Start of Supplied data

Theorem proposition6p14 (N : nat) (delta : {set pfun N}) (k : nat) :
  0 < k < N ->
  (k < HN delta <->
     exists dstar : {set pfun N},
       [/\ preceq delta dstar, pw_disjoint_dom dstar &
           forall s, s \in dstar -> #|dom s| = k]) /\
  ((exists F : pfun N -> {set 'I_N}, selector k delta F) -> k.+1 <= HN delta).
Proof.
case/andP=> _ kN; split; first exact: (iff_sym (rwP (ltn_HN_disjoint_uniform delta kN))).
case=> F /selector_disjoint_uniform selF.
by apply/ltn_HN_disjoint_uniform => //; eexists; exact: selF.
Qed.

End of Supplied data

-- Required action --
Reproduce each record exactly, leaving nothing out.

-- Result for this task --
Theorem proposition6p14 (N : nat) (delta : {set pfun N}) (k : nat) :
  0 < k < N ->
  (k < HN delta <->
     exists dstar : {set pfun N},
       [/\ preceq delta dstar, pw_disjoint_dom dstar &
           forall s, s \in dstar -> #|dom s| = k]) /\
  ((exists F : pfun N -> {set 'I_N}, selector k delta F) -> k.+1 <= HN delta).
Proof.
case/andP=> _ kN; split; first exact: (iff_sym (rwP (ltn_HN_disjoint_uniform delta kN))).
case=> F /selector_disjoint_uniform selF.
by apply/ltn_HN_disjoint_uniform => //; eexists; exact: selF.
Qed.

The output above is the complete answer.